──────── RECORDS PROVIDED

(* Let $G=(V,E)$ be a strongly semiconnected digraph and let $P$ be a principal cycle set of $G$. For each edge $e\in E$ let $w(e)$ be the number of elements of $P$ containing $e$. Then the weights $w(e)$, $e\in E$, are positive integers and make $G$ weight-balanced.
   Context: A digraph $G=(V,E)$ has finite $V$ and $E\subseteq V\times V$ (self-loops allowed). $G$ is strongly semiconnected if, for all $v,w\in V$, the existence of a directed path from $v$ to $w$ implies the existence of one from $w$ to $v$. A cycle is a directed path $v_{i_1},\dots,v_{i_k},v_{i_1}$ with distinct $v_{i_1},\dots,v_{i_k}$ (self-loops are cycles), viewed as a subdigraph. $\mathcal{C}(G)$ is the set of subdigraphs of $G$ that are a single edgeless vertex, a cycle, or a union of pairwise vertex-disjoint cycles. A family generates $G$ if the union of vertex sets is $V$ and of edge sets is $E$. A principal cycle set is a subset of $\mathcal{C}(G)$ generating $G$ of minimum cardinality among such subsets. Weights on edges make $G$ weight-balanced if at each vertex the sum of weights of incoming edges equals the sum of weights of outgoing edges. *)

From mathcomp Require Import all_boot.
Set Implicit Arguments. Unset Strict Implicit. Unset Printing Implicit Defensive.

(* A digraph G = (V, E): V is the finite type of vertices (all of it),
   E : {set V * V} the edge set (self-loops allowed).
   A subdigraph is represented as a pair (vertex set, edge set). *)
Notation subdigraph V := ({set V} * {set (V * V)})%type.

Section Digraph.
Variables (V : finType) (E : {set V * V}).

Definition erel : rel V := fun x y => (x, y) \in E.

Definition strongly_semiconnected : Prop :=
  forall v w : V, connect erel v w -> connect erel w v.

(* The cycle v_1, ..., v_k, v_1 given by the nonempty duplicate-free
   sequence s = [:: v_1; ...; v_k], with all edges (v_i, v_{i+1}) and
   (v_k, v_1) in E.  Its vertex and edge sets: *)
Definition cyc_vertices (s : seq V) : {set V} := [set x in s].
Definition cyc_edges (s : seq V) : {set V * V} := [set (x, next s x) | x in s].

Definition is_cycle_seq (s : seq V) : bool :=
  [&& s != [::], uniq s & cycle erel s].

Definition is_cycle (H : subdigraph V) : Prop :=
  exists s, is_cycle_seq s /\ H = (cyc_vertices s, cyc_edges s).

(* H belongs to C(G): a single edgeless vertex, or the union of a nonempty
   family of pairwise vertex-disjoint cycles (a single cycle being the
   case of a one-element family). *)
Definition in_CG (H : subdigraph V) : Prop :=
  (exists v : V, H = ([set v], set0)) \/
  (exists cs : seq (seq V),
      [/\ cs != [::], all is_cycle_seq cs,
          pairwise (fun s t => [disjoint cyc_vertices s & cyc_vertices t]) cs &
          H = (\bigcup_(s <- cs) cyc_vertices s, \bigcup_(s <- cs) cyc_edges s)]).

Definition generates (P : {set subdigraph V}) : Prop :=
  \bigcup_(H in P) H.1 = [set: V] /\ \bigcup_(H in P) H.2 = E.

Definition principal_cycle_set (P : {set subdigraph V}) : Prop :=
  [/\ (forall H, H \in P -> in_CG H), generates P &
      forall Q : {set subdigraph V},
        (forall H, H \in Q -> in_CG H) -> generates Q -> #|P| <= #|Q| ].

Definition pcs_weight (P : {set subdigraph V}) (e : V * V) : nat :=
  #|[set H in P | e \in H.2]|.

Definition weight_balanced (w : V * V -> nat) : Prop :=
  forall v : V,
    \sum_(e in E | e.2 == v) w e = \sum_(e in E | e.1 == v) w e.

End Digraph.

(* Every member of a principal cycle set is an edgeless vertex or a union of
   vertex-disjoint cycles, so inside it each vertex has in-degree equal to
   out-degree (both are 1 on the cycle through it, 0 otherwise).  Counting the
   pairs (member, edge at v) in two ways, the in-weight and the out-weight of v
   are the sums over the members of these equal degrees.  Positivity is the
   fact that the members cover E. *)
From mathcomp Require Import all_boot.

Lemma card_setIdE (T : finType) (A : {set T}) (p : pred T) :
  #|[set x in A | p x]| = \sum_(x in A) p x.
Proof.
rewrite -sum1_card big_mkcond [RHS]big_mkcond; apply: eq_bigr => x _.
by rewrite !inE; case: (x \in A); case: (p x).
Qed.

Lemma double_count_incidence (T U : finType) (A : {set T}) (P : {set U})
    (F : U -> {set T}) (p : pred T) :
  (forall H, H \in P -> F H \subset A) ->
  \sum_(x in A | p x) #|[set H in P | x \in F H]| =
  \sum_(H in P) #|[set x in F H | p x]|.
Proof.
move=> sub_FA; under eq_bigr do rewrite card_setIdE.
rewrite exchange_big; apply: eq_bigr => H PH.
rewrite card_setIdE big_mkcondr big_mkcond [RHS]big_mkcond; apply: eq_bigr => x _.
have := subsetP (sub_FA H PH) x.
by case: (x \in F H) => [/(_ isT) ->|]; case: (p x); case: (x \in A).
Qed.

Lemma mem_bigcup_seq (I : eqType) (T : finType) (r : seq I) (F : I -> {set T}) x :
  (x \in \bigcup_(i <- r) F i) = has (fun i => x \in F i) r.
Proof.
elim: r => [|i r IH]; first by rewrite big_nil inE.
by rewrite big_cons in_setU IH.
Qed.

Section Degrees.
Variables (V : finType) (E : {set V * V}).

Definition in_edges (A : {set V * V}) (v : V) := [set e in A | e.2 == v].
Definition out_edges (A : {set V * V}) (v : V) := [set e in A | e.1 == v].

Lemma in_edges_cycle (s : seq V) v : uniq s ->
  in_edges (cyc_edges s) v = if v \in s then [set (prev s v, v)] else set0.
Proof.
move=> us; apply/setP => -[a b]; rewrite !inE /=.
case: ifP => vs; rewrite inE; last first.
  by apply/negbTE/andP => -[/imsetP[x xs [_ ->]] /eqP nv]; rewrite -nv mem_next xs in vs.
apply/andP/eqP => [[/imsetP[x xs [-> ->]] /eqP <-]|[-> ->]].
  by rewrite prev_next.
split=> //; apply/imsetP; exists (prev s v); first by rewrite mem_prev.
by rewrite next_prev.
Qed.

Lemma out_edges_cycle (s : seq V) v :
  out_edges (cyc_edges s) v = if v \in s then [set (v, next s v)] else set0.
Proof.
apply/setP => -[a b]; rewrite !inE /=.
case: ifP => vs; rewrite inE; last first.
  by apply/negbTE/andP => -[/imsetP[x xs [-> _]] /eqP xv]; rewrite -xv xs in vs.
apply/andP/eqP => [[/imsetP[x xs [-> ->]] /eqP <-]|[-> ->]] //.
by split=> //; apply/imsetP; exists v.
Qed.

Lemma edges_at_bigcup (cs : seq (seq V)) (p : pred (V * V)) :
  [set e in \bigcup_(s <- cs) cyc_edges s | p e] =
  \bigcup_(s <- cs) [set e in cyc_edges s | p e].
Proof.
elim: cs => [|s cs IH].
  by rewrite !big_nil; apply/setP => e; rewrite !inE.
by rewrite !big_cons -IH; apply/setP => e; rewrite !inE andb_orl.
Qed.

Lemma mem_disjoint_cycles {cs : seq (seq V)} {s t : seq V} {v : V} :
  pairwise (fun s t => [disjoint cyc_vertices s & cyc_vertices t]) cs ->
  s \in cs -> t \in cs -> v \in s -> v \in t -> s = t.
Proof.
elim: cs => [//|a cs IH] /= /andP[/allP disj_a disj_cs].
have apart x : x \in cs -> v \in a -> v \in x -> False.
  move=> xcs va vx; have := disjointFr (disj_a x xcs) (x := v).
  by rewrite !inE va vx => /(_ isT).
rewrite !inE => /predU1P[->|scs] /predU1P[->|tcs] // vs vt.
- by case: (apart t).
- by case: (apart s).
- exact: IH.
Qed.

(* At most one of the disjoint cycles passes through [v], so at most one [F s]
   is nonempty. *)
Lemma card_bigcup_cycles_at {T : finType} {cs : seq (seq V)}
    {F : seq V -> {set T}} (f : seq V -> T) (v : V) :
  pairwise (fun s t => [disjoint cyc_vertices s & cyc_vertices t]) cs ->
  (forall s, s \in cs -> F s = if v \in s then [set f s] else set0) ->
  #|\bigcup_(s <- cs) F s| = has (fun s => v \in s) cs.
Proof.
move=> disj_cs defF; case: hasP => [[s0 s0cs vs0]|no_v]; last first.
  rewrite big1_seq ?cards0 // => s /= scs; rewrite defF //.
  by case: ifP => // vs; case: no_v; exists s.
suff -> : \bigcup_(s <- cs) F s = [set f s0] by rewrite cards1.
apply/setP => x; rewrite mem_bigcup_seq; apply/hasP/set1P => [[s scs]|->].
  rewrite defF //; case: ifP => vs; last by rewrite inE.
  by rewrite (mem_disjoint_cycles disj_cs scs s0cs vs vs0) => /set1P.
by exists s0; rewrite // defF // vs0 set11.
Qed.

Lemma in_CG_balanced (H : subdigraph V) v :
  in_CG E H -> #|in_edges H.2 v| = #|out_edges H.2 v|.
Proof.
case=> [[u ->]|[cs [_ cyc_cs disj_cs ->]]] /=.
  by rewrite /in_edges /out_edges !(eq_card (B := pred0)) // => e; rewrite !inE.
have uniq_cs s : s \in cs -> uniq s by case/(allP cyc_cs)/and3P.
rewrite /in_edges /out_edges !edges_at_bigcup.
rewrite (card_bigcup_cycles_at (fun s => (prev s v, v)) v disj_cs); last first.
  by move=> s scs; apply: in_edges_cycle (uniq_cs s scs).
rewrite (card_bigcup_cycles_at (fun s => (v, next s v)) v disj_cs) //.
by move=> s scs; apply: out_edges_cycle.
Qed.

End Degrees.

Theorem lemma2p5 (V : finType) (E : {set V * V}) (P : {set subdigraph V}) :
  strongly_semiconnected E ->
  principal_cycle_set E P ->
  (forall e, e \in E -> 0 < pcs_weight P e) /\
  weight_balanced E (pcs_weight P).
Proof.
move=> _ [P_CG [_ cover_E] _].
have sub_E H : H \in P -> H.2 \subset E.
  by move=> PH; rewrite -cover_E (bigcup_max H).
split=> [e|v].
  rewrite -cover_E => /bigcupP[H PH eH].
  by rewrite card_gt0; apply/set0Pn; exists H; rewrite inE PH.
rewrite /pcs_weight !double_count_incidence //.
by apply: eq_bigr => H PH; apply: in_CG_balanced (P_CG H PH).
Qed.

────────────────

WORK INSTRUCTIONS: The response should be the listing above, limited to the lines between the one holding "Definition cyc_edges (s" and the one holding "Definition weight_balanced (w", inclusive, reproduced exactly.

WRITTEN RESPONSE:
Definition cyc_edges (s : seq V) : {set V * V} := [set (x, next s x) | x in s].

Definition is_cycle_seq (s : seq V) : bool :=
  [&& s != [::], uniq s & cycle erel s].

Definition is_cycle (H : subdigraph V) : Prop :=
  exists s, is_cycle_seq s /\ H = (cyc_vertices s, cyc_edges s).

(* H belongs to C(G): a single edgeless vertex, or the union of a nonempty
   family of pairwise vertex-disjoint cycles (a single cycle being the
   case of a one-element family). *)
Definition in_CG (H : subdigraph V) : Prop :=
  (exists v : V, H = ([set v], set0)) \/
  (exists cs : seq (seq V),
      [/\ cs != [::], all is_cycle_seq cs,
          pairwise (fun s t => [disjoint cyc_vertices s & cyc_vertices t]) cs &
          H = (\bigcup_(s <- cs) cyc_vertices s, \bigcup_(s <- cs) cyc_edges s)]).

Definition generates (P : {set subdigraph V}) : Prop :=
  \bigcup_(H in P) H.1 = [set: V] /\ \bigcup_(H in P) H.2 = E.

Definition principal_cycle_set (P : {set subdigraph V}) : Prop :=
  [/\ (forall H, H \in P -> in_CG H), generates P &
      forall Q : {set subdigraph V},
        (forall H, H \in Q -> in_CG H) -> generates Q -> #|P| <= #|Q| ].

Definition pcs_weight (P : {set subdigraph V}) (e : V * V) : nat :=
  #|[set H in P | e \in H.2]|.

Definition weight_balanced (w : V * V -> nat) : Prop :=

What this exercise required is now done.